How we fight back

Mordechai Ben-Dat

The last days of summer will soon fall away from the calendar like lifeless petals on a depleted rose, to be swept with little effort into yesterday. But there is no sweeping away the choking heat of the summer’s horrible war between Israel and Hamas or the searing condemnation of Israel throughout the world.

Media outlets on every continent and of every imaginable technology carried commentary about the war – a great deal of it unfriendly to Israel. Individuals demonstrated en masse in countless cities around the world, most of them hostile to the Jewish state and even to Jews.

Israel withdrew from the Gaza Strip in 2005. This was the third war, in the seven years since Hamas took over Gaza in 2007, in which the Jewish state had to defend its people against rocket and other fire aimed deliberately at Israeli civilians. 

We all recoiled at the scenes of war. But we also recoiled at the indignation directed against Israel for determinedly attacking Hamas fighters and rocket launchers. We recoiled at the anger against Israel for deigning to so expertly protect Israeli life. We recoiled at the moral equivalence given to Hamas, which deliberately targeted Israeli civilians, and indeed hid among their own people, and to the Israel Defence Forces, which sought to avoid civilian deaths. And we recoiled over and over again at the vehemence and frequency of the expressions of outrage, especially on the streets of Europe, directed at Israel and at the Jews of the Diaspora. 

But after recoiling against the moral perversity, indignation, anger and outrage, we must also act. Jews, today, fight back.

The sovereign Jewish nation acts – fights back – by defending its citizens. We, as individual Jews, fight back by being and doing Jewish, by affirming our uniquely personal sense of belonging to a people whose vital ancient-modern mission on earth is the betterment of the world for all humanity.

But engendering in our children a sense of belonging to a distinctive historic people requires effort. The best ways for us to do that is through personal example and education. Parents determine and set their own examples for their children.
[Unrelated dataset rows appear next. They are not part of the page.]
Lemma reach_toggle c x h J lit tog x' hm dm h' J' t P :
  cfg_inv c x h J lit tog -> acc M x || rej M x = false ->
  delta M x (tape w h) (output (length w) c) = (x', hm, dm, Toggle0) ->
  move_head (length w) h hm = Some h' -> move_det (length w) J 0 dm = Some (J', 0) ->
  h' <> h -> S (tog h) <= kcrash M -> 0 < t ->
  (forall c', cfg_inv c' x' h' J' (upd lit h (negb (lit h))) (upd tog h (S (tog h))) ->
     reach w c' (t - 1) P) ->
  reach w c t P.
Proof.
  intros Hinv Hx Hd Hmh Hmd Hh' Hth Ht K.
  destruct (end_run_cfg_inv Hinv) as (ct & Hct & Hctt).
  destruct Hinv as (Hst & Hh & HJ & HK & Hsrc & Hcnt & Hrun & Htog).
  eapply reach_step; [| exact Ht | apply K].
  - unfold step, halted. rewrite Hst, Hx. cbv zeta. rewrite Hh, Hd.
    simpl is_toggle. cbv iota beta.
    destruct Hrun as [Hr | (m & Hr & Hm)]; rewrite Hr in *.
    + injection Hct as Hct. rewrite Hct, Hmh, HJ, HK, Hmd. reflexivity.
    + destruct (Nat.eqb_spec m h) as [e|_]; [congruence|].
      rewrite Hct, Hmh, HJ, HK, Hmd. reflexivity.
  - repeat split; simpl; auto.
    + intros m. unfold upd. destruct (Nat.eqb_spec m h); [subst m|auto].
      rewrite Hsrc. destruct (lit h); reflexivity.
    + intros m. rewrite Hctt. unfold upd. destruct (Nat.eqb_spec m h); subst; lia.
    + right. exists h. auto.
    + intros m. unfold upd. destruct (Nat.eqb_spec m h); auto.
Qed.

End GroundDetector.

Inductive state : Type :=
  | qStart | qScanA | qScanB | qRewind | qHome | qRound
  | qSeek | qSeekD | qSeekBack | qCheckB | qFind | qFindD
  | qCountD1 | qCountD2 | qCount | qCount2
  | qRewind2 | qLocateD | qLocate | qLocateBack | qUnmark | qUnmarkD
  | qReturn | qReturnD | qVerify | qVerifyD | qAcc | qRej.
But only a community can create an accessible Jewish educational framework, the ultimate infrastructure on which the future of the community stands.

In his commentary to the siddur, Rabbi Jonathan Sacks, the former chief rabbi of the United Kingdom, points out that the first Kaddish we say each morning in synagogue is for teachers and their disciples. He then explains its significance. 

“Judaism is a faith whose passion is education, whose heroes are teachers, and whose citadels are schools and houses of study. To learn, to teach… to join our minds with the… scholars of the past – this is a supreme expression of Judaism and the one from which all else flows.” 

Teaching our children is and has been the sustaining breath of our Jewish way of life. Since our very first days as a people, it has been the pre-eminent Jewish obligation of personal, family and collective national life.

In his recent work, The Story of The Jews, Simon Schama records an exchange that took place around 200 BCE, between a king in Alexandria and Eleazar the High Priest who, along with 72 scribes, had travelled there to translate the Torah into Greek. 

“The king asks courteously deferential questions about how best to reign, indeed how best to live, and receives decidedly Jewish answers.

“King: ‘What is the grossest form of neglect?’

“Eleazar: ‘If a man does not care for his children or devote every effort to their education.’”

The beginning of the school year is a timely reminder of Eleazar’s exhortation. He did not say to devote a significant or large effort to educate our children. He said, rather, to devote every effort.

That is how we fight back.

Shanah Tovah.

Mordechai Ben-Dat is the former editor of The CJN.